AMF(Action Message Format) : Action Script의 객체 그래프(object graph)를 직렬화한(serialize) 바이너리 포맷, Adobe Flash에서 메시지를 주고 받는 목적으로도 사용된다.
Field | Type | Comment |
---|---|---|
Objects | SCRIPTDATAOBJECT[] | |
Object.ObjectName | SCRIPTDATASTRING | Name of the object |
Object.ObjectData | SCRIPTDATAVALUE | Data of the object |
Object.ObjectData.Type | UI8 | Type of the variable: 0 = Number 1 = Boolean 2 = String 3 = Object 4 = MovieClip (reserved, not supported) 5 = Null 6 = Undefined 7 = Reference 8 = ECMA array 9 = Object end marker 10 = Strict array 11 = Date 12 = Long string |
Object.ObjectData.ECMAArrayLength | IF Type == 8 * UI32 |
Approximate number of fields of ECMA array |
Object.ObjectData.ScriptDataValue | IF Type == 0 * DOUBLE IF Type == 1 * UI8 IF Type == 2 * SCRIPTDATASTRING IF Type == 3 * SCRIPTDATAOBJECT[n] IF Type == 7 * UI16 IF Type == 8 * SCRIPTDATAVARIABLE[ECMAArrayLength] IF Type == 10 * SCRIPTDATAVARIABLE[n] IF Type == 11 * SCRIPTDATADATE IF Type == 12 * SCRIPTDATALONGSTRING |
Script data value.

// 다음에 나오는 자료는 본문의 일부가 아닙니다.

(* Gibbs' inequality, from ln t <= t - 1. *)
Lemma kl_sum_ge0 p q : is_distr p -> is_distr q ->
  (forall a, 0 < p a -> 0 < q a) -> 0 <= kl_sum p q.
Proof.
move=> Hp Hq abs_cont.
apply: (@le_trans _ _ (\sum_(a | 0 < p a) (p a - q a))).
  rewrite sumrB subr_ge0 (_ : \sum_(a | 0 < p a) p a = 1).
    rewrite -(proj2 Hq) [leRHS](bigID (fun a => 0 < p a)) /= lerDl.
    by apply: sumr_ge0 => a _; exact: (proj1 Hq a).
  transitivity (\sum_(a | 0 < p a) p a * 1); first by apply: eq_bigr => a _; rewrite mulr1.
  rewrite (expect_support (fun=> 1) Hp) -[RHS](proj2 Hp).
  by apply: eq_bigr => a _; rewrite mulr1.
apply: ler_sum => a pa; have qa := abs_cont a pa.
have ln_le : ln (q a / p a) <= q a / p a - 1.
  have ratio_gt0 : 0 < q a / p a by rewrite divr_gt0.
  rewrite {1}(_ : q a / p a = 1 + (q a / p a - 1)); last by rewrite addrC subrK.
  by apply: le_ln1Dx; lra.
have := ler_wpM2l (ltW pa) ln_le; rewrite mulrBr mulr1 mulrCA divff ?gt_eqF // mulr1.
by rewrite -[p a / q a]invf_div lnV ?posrE ?divr_gt0 // mulrN lerNr opprB.
Qed.

Lemma KL_ge0 p q : is_distr p -> is_distr q -> (0 <= KL p q)%E.
Proof.
move=> Hp Hq; rewrite /KL; case: ifP => [/forallP abs_cont|_]; last exact: leey.
by rewrite lee_fin kl_sum_ge0 // => a; exact/implyP/abs_cont.
Qed.

Lemma kl_sum_sub p q q' :
  (forall a, 0 < p a -> 0 < q a) -> (forall a, 0 < p a -> 0 < q' a) ->
  kl_sum p q - kl_sum p q' = \sum_(a | 0 < p a) p a * (ln (q' a) - ln (q a)).
Proof.
move=> pos_q pos_q'; rewrite /kl_sum -sumrB; apply: eq_bigr => a pa.
by rewrite !ln_div ?posrE ?pos_q ?pos_q' //; ring.
Qed.

End KullbackLeibler.

Section ConditionalEntropy.
Variables (R : realType) (X A : finType).
Variables (P : X -> A -> X -> R) (g : R) (nu0 : X -> R).
Local Notation nu := (occ_state P g nu0).

Lemma cond_rel_ent_finite (p p' : X -> A -> R) :
  (forall x, 0 < nu p x -> [forall a, (0 < p x a) ==> (0 < p' x a)]) ->
  cond_rel_ent P g nu0 p p' = (\sum_(x | 0 < nu p x) nu p x * kl_sum (p x) (p' x))%:E.
Proof.
move=> abs_cont; rewrite /cond_rel_ent -sumEFin; apply: eq_bigr => x /abs_cont.
by move/KL_finite ->; rewrite EFinM.
Qed.

(* One state of positive occupancy where p' misses part of the support of p
   makes the conditional relative entropy infinite, all other terms being >= 0. *)
Lemma cond_rel_ent_infinite (p p' : X -> A -> R) (x0 : X) :
  is_kernel P -> 0 < g < 1 -> is_distr nu0 -> is_policy p -> is_policy p' ->
  0 < nu p x0 -> ~~ [forall a, (0 < p x0 a) ==> (0 < p' x0 a)] ->
  cond_rel_ent P g nu0 p p' = +oo%E.
Proof.
move=> HP Hg Hnu Hp Hp' nu_x0 not_ac.
rewrite /cond_rel_ent (bigD1 x0) //= {1}/KL (negbTE not_ac) gt0_muley ?lte_fin //.
apply: addye; rewrite gt_eqF // (lt_le_trans ltNy0) // sume_ge0 // => x _.
by rewrite mule_ge0 ?KL_ge0 // lee_fin (occ_state_ge0 HP Hg Hnu Hp).
Qed.

End ConditionalEntropy.

Section OptimisticPolicyIteration.
Variables (R : realType) (X A : finType).
Variables (r : X -> A -> R) (P : X -> A -> X -> R) (g : R) (nu0 : X -> R).
Variables (pis : X -> A -> R) (eta : R) (K : nat).
Variables (pi : nat -> X -> A -> R) (Q : nat -> X -> A -> R) (V : nat -> X -> R).
Variables (CB : nat -> X -> A -> R) (Ph : nat -> X -> A -> X -> R).
Hypotheses (Hr : forall x a, 0 <= r x a <= 1) (HP : is_kernel P) (Hg : 0 < g < 1).
Hypotheses (Hnu : is_distr nu0) (Hpis : is_policy pis) (Heta : 0 < eta).
Hypotheses (Hpi0 : is_policy (pi 0%N)) (HQ1 : forall x a, Q 1%N x a = 0).
Hypothesis HV : forall k, (0 < k)%N -> forall x,
  V k x = eta^-1 * ln (\sum_(a : A) pi k.-1 x a * expR (eta * Q k x a)).
Hypothesis Hpi : forall k, (0 < k)%N -> forall x a,
  pi k x a = pi k.-1 x a * expR (eta * (Q k x a - V k x)).
Hypothesis HQ : forall k, (0 < k)%N -> forall x a,
  Q k.+1 x a = clipH (1 - g)^-1 (r x a + CB k x a + g * applyP (Ph k) (V k) x a).
Hypothesis Hval : forall k, (0 < k <= K)%N -> forall x a,
  `| g * \sum_(x' : X) (P x a x' - Ph k x a x') * V k x' | <= CB k x a.

Local Notation H := ((1 - g)^-1).
Local Notation nu := (occ_state P g nu0).
Local Notation mu := (occ P g nu0).

Let H_gt0 : 0 < H. Proof. by rewrite invr_gt0 subr_gt0; case/andP: Hg. Qed.

Let H_fix : 1 + g * H = H.
Proof. by field; rewrite subr_eq0 eq_sym lt_eqF //; case/andP: Hg. Qed.

Lemma Q_range k : (0 < k)%N -> forall x a, 0 <= Q k x a <= H.
Proof.
case: k => // -[|k] _ x a; first by rewrite HQ1 lexx ltW.
by rewrite HQ //; apply: clipH_range; rewrite ltW.
Qed.

Lemma pi_policy k : is_policy (pi k).
Proof.
elim: k => [|k IH] // x.
exact: (ew_distr (IH x) Heta (Q_range (ltn0Sn k) x) (HV (ltn0Sn k) x) (Hpi (ltn0Sn k) x)).
Qed.

Lemma pi_pos k x a : 0 < pi 0%N x a -> 0 < pi k x a.
Proof. by move=> pos0; elim: k => // k IH; rewrite Hpi // mulr_gt0 ?expR_gt0. Qed.

Lemma V_range k : (0 < k)%N -> forall x, 0 <= V k x <= H.
Proof.
case: k => // k _ x.
exact: (ew_value_range (pi_policy k x) Heta (Q_range (ltn0Sn k) x) (HV (ltn0Sn k) x)).
Qed.

Lemma V_first x : V 1%N x = 0.
Proof.
rewrite HV //; under eq_bigr do rewrite HQ1 mulr0 expR0 mulr1.
by rewrite (proj2 (Hpi0 x)) ln1 mulr0.
Qed.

IF Type == 8 (ECMA array type), the ECMAArrayLength provides a hint to the software about how many items might be in the array. The array continues until SCRIPTDATAVARIABLEEND appears. IF Type == 10 (strict array type), the array begins with a UI32 type and contains that exact number of items. The array does not terminate with a SCRIPTDATAVARIABLEEND tags. |
Object.ObjectData.ScriptDataValueTerminator | IF Type == 3 * SCRIPTDATAOBJECTEND IF Type == 8 * SCRIPTDATAVARIABLEEND |
Terminators for Object and Strict array lists |
ObjectEndMarker | UI24 | Always 9, also known as a SCRIPTDATAOBJECTEND |
onMetaData
FLV metadata object는 onMetaData 태그명을 가진 SCRIPTDATA를 통해 전달된다.
onMetaData는 RTMP Data Message에서 metadata를 주고 받는 용도로도 사용된다. (이때 데이터는 SCRIPTDATA 포맷을 사용하지 않고 ECMAArray 포맷만 사용하는 것으로 보인다.)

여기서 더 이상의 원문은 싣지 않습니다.